Show code cell source
# Create new column with the total amount
fines["paid_unpaid"] = fines["paid"] + fines["unpaid"]
# Group by year and fine category, then sum up fines
fines_money = fines.groupby(["year", "category"])["paid_unpaid"].sum().unstack()
# Rearrange column order: LEVE, GRAVE, MUY GRAVE
fines_money = fines_money.iloc[:, [1, 0, 2]]
# Create new column with the total amount of money raised
fines_money["total"] = fines_money.sum(axis=1)
print(fines_money)
category LEVE GRAVE MUY GRAVE total
year
2018 19548.05 16623.60 1704.95 37876.60
2019 8359.39 8695.95 500.00 17555.34
2020 11778.40 6099.65 500.00 18378.05
2021 14145.21 14438.45 1134.95 29718.61
2022 27313.80 13633.91 4499.75 45447.46
Show code cell source
# Plot
fig, ax = plt.subplots(figsize=(6, 4))
fines_money.drop(["total"], axis=1).plot(ax=ax, kind="bar",
stacked=True, color=palette)
ax.grid(axis="y")
ax.set_axisbelow(True)
ax.tick_params(axis='x', labelsize=12, rotation=0)
ax.tick_params(axis='y', labelsize=12)
ax.set_title("Revenue from fines", fontsize=12)
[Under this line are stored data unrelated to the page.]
(* If the sequent $\vdash A$ (with empty context) has a derivation in LJB, then $\vdash A$ also has a derivation in LJ$^{+}$.
   Context: Minimal predicate logic: terms $t ::= x \mid f(t_1,\dots,t_n)$, formulas $A ::= P(t_1,\dots,t_n)\mid A\rightarrow A\mid \forall x\,A$. Positivity: atomic formulas are positive and negative; $A\rightarrow B$ is positive (resp. negative) if $A$ is negative (resp. positive) and $B$ positive (resp. negative); $\forall x\,A$ is positive if $A$ is positive, never negative. A sequent is positive if its context formulas are negative and its right-hand side positive; both calculi below are for positive sequents. LJ$^{+}$: sequents $\Gamma\vdash A$ with $\Gamma$ a finite multiset of formulas, formulas modulo $\alpha$-equivalence; rules (L$\rightarrow$) from $\Gamma, A_1\rightarrow\dots\rightarrow A_n\rightarrow P\vdash A_i$ ($i=1..n$, $n\ge0$) infer $\Gamma, A_1\rightarrow\dots\rightarrow A_n\rightarrow P\vdash P$, $P$ atomic; (R$\forall$) from $\Gamma\vdash A$ infer $\Gamma\vdash\forall x\,A$ if $x$ not free in $\Gamma$; (R$\rightarrow$) from $\Gamma,A\vdash B$ infer $\Gamma\vdash A\rightarrow B$. LJB: an LJB-context is a finite multiset of items; an item is a formula or $[\Gamma]_V$ ($V$ a finite set of variables bound by the bracket, $\Gamma$ an LJB-context); $FV([\Gamma]_V)=FV(\Gamma)\setminus V$. Cleaning rules (anywhere in a context, contexts being multisets): $[I,\Gamma]_V\longrightarrow I,[\Gamma]_V$ if $FV(I)\cap V=\emptyset$; $[\ ]_V\longrightarrow\emptyset$; $I\,I\longrightarrow I$. This system terminates; $\Gamma{\downarrow}$ denotes the normal form of $\Gamma$ obtained with a fixed arbitrary strategy. LJB rules apply only to LJB-sequents $\Gamma\vdash A$ with $\Gamma$ in normal form and in which, in each formula, bound variables are pairwise distinct and distinct from free variables; formulas are not identified modulo $\alpha$. Rules: (L$\rightarrow$) from $\Gamma'\vdash A_1,\dots,\Gamma'\vdash A_n$ infer $\Gamma\vdash P$, where $\Gamma=\Gamma_1,[\Gamma_2,[\dots\Gamma_{i-1},[\Gamma_i, A_1\rightarrow\dots\rightarrow A_n\rightarrow P]_{V_{i-1}}\dots]_{V_2}]_{V_1}$ ($i\ge1$), $\Gamma'=([\dots[[\Gamma_1]_{V_1},\Gamma_2]_{V_2},\dots,\Gamma_{i-1}]_{V_{i-1}},\Gamma_i,A_1\rightarrow\dots\rightarrow A_n\rightarrow P){\downarrow}$, $P$ atomic with no free variable in $V_1\cup\dots\cup V_{i-1}$; (R$\forall$) from $[\Gamma]_V{\downarrow}\vdash A$ infer $\Gamma\vdash\forall x\,A$, where $V$ is the set of all variables bound in $\forall x\,A$; (R$\rightarrow$) from $(\Gamma,A){\downarrow}\vdash B$ infer $\Gamma\vdash A\rightarrow B$. *)

From Stdlib Require Import List Arith Bool Permutation.
Import ListNotations.

Definition var := nat.

Inductive term : Type :=
| Var (x : var)
| Fn (f : nat) (ts : list term).

Inductive formula : Type :=
| Atom (p : nat) (ts : list term)
| Imp (A B : formula)
| All (x : var) (A : formula).

Fixpoint fvt (t : term) : list var :=
  match t with
  | Var x => [x]
  | Fn _ ts => (fix go (l : list term) : list var :=
                  match l with [] => [] | t :: l => fvt t ++ go l end) ts
  end.

Fixpoint fvf (A : formula) : list var :=
  match A with
  | Atom _ ts => flat_map fvt ts
  | Imp A B => fvf A ++ fvf B
  | All x A => remove Nat.eq_dec x (fvf A)
  end.

Fixpoint bv (A : formula) : list var :=
  match A with
  | Atom _ _ => []
  | Imp A B => bv A ++ bv B
  | All x A => x :: bv A
  end.

Definition well_named (A : formula) : Prop :=
  NoDup (bv A) /\ (forall x, In x (bv A) -> ~ In x (fvf A)).

Fixpoint pos (A : formula) : bool :=
  match A with
  | Atom _ _ => true
  | Imp A B => neg A && pos B
  | All _ A => pos A
  end
with neg (A : formula) : bool :=
  match A with
  | Atom _ _ => true
  | Imp A B => pos A && neg B
  | All _ _ => false
  end.

Fixpoint imps (As : list formula) (C : formula) : formula :=
  match As with
  | [] => C
  | A :: As => Imp A (imps As C)
  end.

Inductive dterm : Type :=
| DB (n : nat)
| DFr (x : var)
| DFn (f : nat) (ts : list dterm).

Inductive dform : Type :=
| DAtom (p : nat) (ts : list dterm)
| DImp (A B : dform)
| DAll (A : dform).

Fixpoint lookup (x : var) (env : list var) : option nat :=
  match env with
  | [] => None
  | y :: e => if Nat.eqb x y then Some 0 else option_map S (lookup x e)
  end.

Fixpoint dbt (env : list var) (t : term) : dterm :=
  match t with
  | Var x => match lookup x env with Some n => DB n | None => DFr x end
  | Fn f ts => DFn f ((fix go (l : list term) : list dterm :=
                         match l with [] => [] | t :: l => dbt env t :: go l end) ts)
  end.

Fixpoint dbf (env : list var) (A : formula) : dform :=
  match A with
  | Atom p ts => DAtom p (map (dbt env) ts)
  | Imp A B => DImp (dbf env A) (dbf env B)
  | All x A => DAll (dbf (x :: env) A)
  end.

Definition alpha (A B : formula) : Prop := dbf [] A = dbf [] B.

Definition positive_seq (G : list formula) (A : formula) : Prop :=
  (forall B, In B G -> neg B = true) /\ pos A = true.

(* Contexts are lists read as multisets (all rules are permutation-invariant);
   formulas are taken modulo alpha via the rule LJp_alpha. *)
Inductive LJp : list formula -> formula -> Prop :=
| LJp_L (G : list formula) (As : list formula) (p : nat) (ts : list term) :
    positive_seq G (Atom p ts) ->
    In (imps As (Atom p ts)) G ->
    (forall A, In A As -> LJp G A) ->
    LJp G (Atom p ts)
| LJp_Rall (G : list formula) (x : var) (A : formula) :
    positive_seq G (All x A) ->
    (forall B, In B G -> ~ In x (fvf B)) ->
    LJp G A ->
    LJp G (All x A)
| LJp_Rimp (G : list formula) (A B : formula) :
    positive_seq G (Imp A B) ->
    LJp (A :: G) B ->
    LJp G (Imp A B)
| LJp_alpha (G G' : list formula) (A A' : formula) :
    Forall2 alpha G G' -> alpha A A' -> LJp G' A' -> LJp G A.

Inductive item : Type :=
| IFm (A : formula)
| IB (V : list var) (D : list item).   (* [D]_V, V read as a finite set *)

Definition ctx := list item.

(* equality of items: multisets inside brackets, sets for V *)
Inductive item_equiv : item -> item -> Prop :=
| ieF (A : formula) : item_equiv (IFm A) (IFm A)
| ieB (V V' : list var) (D D0 D' : list item) :
    (forall x, In x V <-> In x V') ->
    Permutation D D0 -> Forall2 item_equiv D0 D' ->
    item_equiv (IB V D) (IB V' D').

Definition ctx_equiv (G G' : ctx) : Prop :=
  exists G0, Permutation G G0 /\ Forall2 item_equiv G0 G'.

Fixpoint fvi (J : item) : list var :=
  match J with
  | IFm A => fvf A
  | IB V D => filter (fun x => negb (existsb (Nat.eqb x) V))
                ((fix go (l : list item) : list var :=
                    match l with [] => [] | J :: l => fvi J ++ go l end) D)
  end.

Fixpoint formsi (J : item) : list formula :=
  match J with
  | IFm A => [A]
  | IB _ D => (fix go (l : list item) : list formula :=
                 match l with [] => [] | J :: l => formsi J ++ go l end) D
  end.

Definition formsc (G : ctx) : list formula := flat_map formsi G.

Inductive clean_step : ctx -> ctx -> Prop :=
| cs_out (G G' : ctx) (V : list var) (J : item) (D R : ctx) :
    ctx_equiv G (IB V (J :: D) :: R) ->
    (forall x, In x (fvi J) -> ~ In x V) ->
    ctx_equiv G' (J :: IB V D :: R) ->
    clean_step G G'
| cs_empty (G G' : ctx) (V : list var) (R : ctx) :
    ctx_equiv G (IB V [] :: R) -> ctx_equiv G' R -> clean_step G G'
| cs_dup (G G' : ctx) (J : item) (R : ctx) :
    ctx_equiv G (J :: J :: R) -> ctx_equiv G' (J :: R) -> clean_step G G'
| cs_in (G G' : ctx) (V : list var) (D D' R : ctx) :
    ctx_equiv G (IB V D :: R) -> clean_step D D' ->
    ctx_equiv G' (IB V D' :: R) -> clean_step G G'.

Inductive clean_star : ctx -> ctx -> Prop :=
| cst_refl (G G' : ctx) : ctx_equiv G G' -> clean_star G G'
| cst_step (G G1 G2 : ctx) : clean_step G G1 -> clean_star G1 G2 -> clean_star G G2.

Definition normal (G : ctx) : Prop := forall G', ~ clean_step G G'.

(* nf is "normal form computed by a fixed arbitrary strategy": a function on
   multisets of items returning a normal form reachable by cleaning. *)
Definition clean_strategy (nf : ctx -> ctx) : Prop :=
  (forall G, clean_star G (nf G) /\ normal (nf G)) /\
  (forall G G', ctx_equiv G G' -> ctx_equiv (nf G) (nf G')).

Definition ljb_sequent (G : ctx) (A : formula) : Prop :=
  normal G /\
  (forall B, In B (formsc G) -> well_named B /\ neg B = true) /\
  well_named A /\ pos A = true.

(* path = [(G1,V1); ...; (G_{i-1},V_{i-1})] *)
Fixpoint plug (path : list (ctx * list var)) (inner : ctx) : ctx :=
  match path with
  | [] => inner
  | (G, V) :: r => G ++ [IB V (plug r inner)]
  end.

(* unwind acc path: acc := [acc, G_k]_{V_k} successively;
   unwind [] path = [ ... [[G1]_{V1}, G2]_{V2}, ..., G_{i-1}]_{V_{i-1}} *)
Fixpoint unwind (acc : ctx) (path : list (ctx * list var)) : ctx :=
  match path with
  | [] => acc
  | (G, V) :: r => unwind [IB V (acc ++ G)] r
  end.

Inductive LJB (nf : ctx -> ctx) : ctx -> formula -> Prop :=
| LJB_L (G : ctx) (path : list (ctx * list var)) (Gi : ctx)
        (As : list formula) (p : nat) (ts : list term) :
    ljb_sequent G (Atom p ts) ->
    ctx_equiv G (plug path (Gi ++ [IFm (imps As (Atom p ts))])) ->
    (forall x, In x (flat_map fvt ts) -> ~ In x (flat_map snd path)) ->
    (forall A, In A As ->
       LJB nf (nf (unwind [] path ++ Gi ++ [IFm (imps As (Atom p ts))])) A) ->
    LJB nf G (Atom p ts)
| LJB_Rall (G : ctx) (x : var) (A : formula) :
    ljb_sequent G (All x A) ->
    LJB nf (nf [IB (bv (All x A)) G]) A ->
    LJB nf G (All x A)
| LJB_Rimp (G : ctx) (A B : formula) :
    ljb_sequent G (Imp A B) ->
    LJB nf (nf (G ++ [IFm A])) B ->
    LJB nf G (Imp A B).

(* An LJB context is read in an LJ+ context L through a renaming r of free
   variables: a formula B of the context must have in L an alpha-variant of B
   renamed by r, and a bracket [D]_V is read as D under some renaming that
   agrees with r outside V.  Brackets thus record that the variables of V may
   be renamed apart, which is what the side condition of the LJ+ rule R∀
   requires.  This reading survives cleaning, the LJB rule R∀ becomes the LJ+
   rule R∀ on an eigenvariable renamed fresh for L, and the LJB rule L→ becomes
   the LJ+ rule L→ on the formula of L that reads the chosen formula.  Alpha
   conversion is handled on de Bruijn representations, where renaming free
   variables cannot cause capture. *)

From Stdlib Require Import List Arith Bool Permutation Lia.
Import ListNotations.

Fixpoint term_nested_ind (P : term -> Prop) (HV : forall x, P (Var x))
  (HF : forall f ts, Forall P ts -> P (Fn f ts)) (t : term) : P t :=
  match t with
  | Var x => HV x
  | Fn f ts => HF f ts ((fix go (l : list term) : Forall P l :=
       match l with
       | [] => Forall_nil _
       | u :: l => Forall_cons _ (term_nested_ind P HV HF u) (go l)
       end) ts)
  end.

Fixpoint dterm_nested_ind (P : dterm -> Prop) (HB : forall n, P (DB n))
  (HV : forall x, P (DFr x)) (HF : forall f ts, Forall P ts -> P (DFn f ts))
  (t : dterm) : P t :=
  match t with
  | DB n => HB n
  | DFr x => HV x
  | DFn f ts => HF f ts ((fix go (l : list dterm) : Forall P l :=
       match l with
       | [] => Forall_nil _
       | u :: l => Forall_cons _ (dterm_nested_ind P HB HV HF u) (go l)
       end) ts)
  end.

Lemma fvt_Fn f ts : fvt (Fn f ts) = flat_map fvt ts.
Proof. simpl; induction ts; simpl; congruence. Qed.

Lemma dbt_Fn env f ts : dbt env (Fn f ts) = DFn f (map (dbt env) ts).
Proof. simpl; f_equal; induction ts; simpl; congruence. Qed.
ax.set_xlabel("", fontsize=12)
ax.set_ylabel("euros (€)", fontsize=12)
ax.legend(bbox_to_anchor=(1.0, 0.5), loc='center left', fontsize=10)
sns.despine()
plt.show()

Finally, I find it interesting to summarise this graphic into one single figure: how much money do they collect roughly per year?
Show code cell source
# How much money do they collect on average per year?
avg_year = fines_money["total"].mean()
# The same value roughly
avg_year_rough = round(avg_year, -3)
display(Markdown(f"The amount of money collected per year is roughly **{avg_year_rough:.0f} €**"))
The amount of money collected per year is roughly 30000 €
Conclusions#
This project was about shedding light on a freely available open data set. In this case, I downloaded the files of traffic fines in my town. The analysis consisted in exploring ways of representing the data to get a clear picture of its contents. This kind of work should be useful for the people involved, to watch out for trends and follow up new policies. And for the public, to effectively make the information transparent for all of us.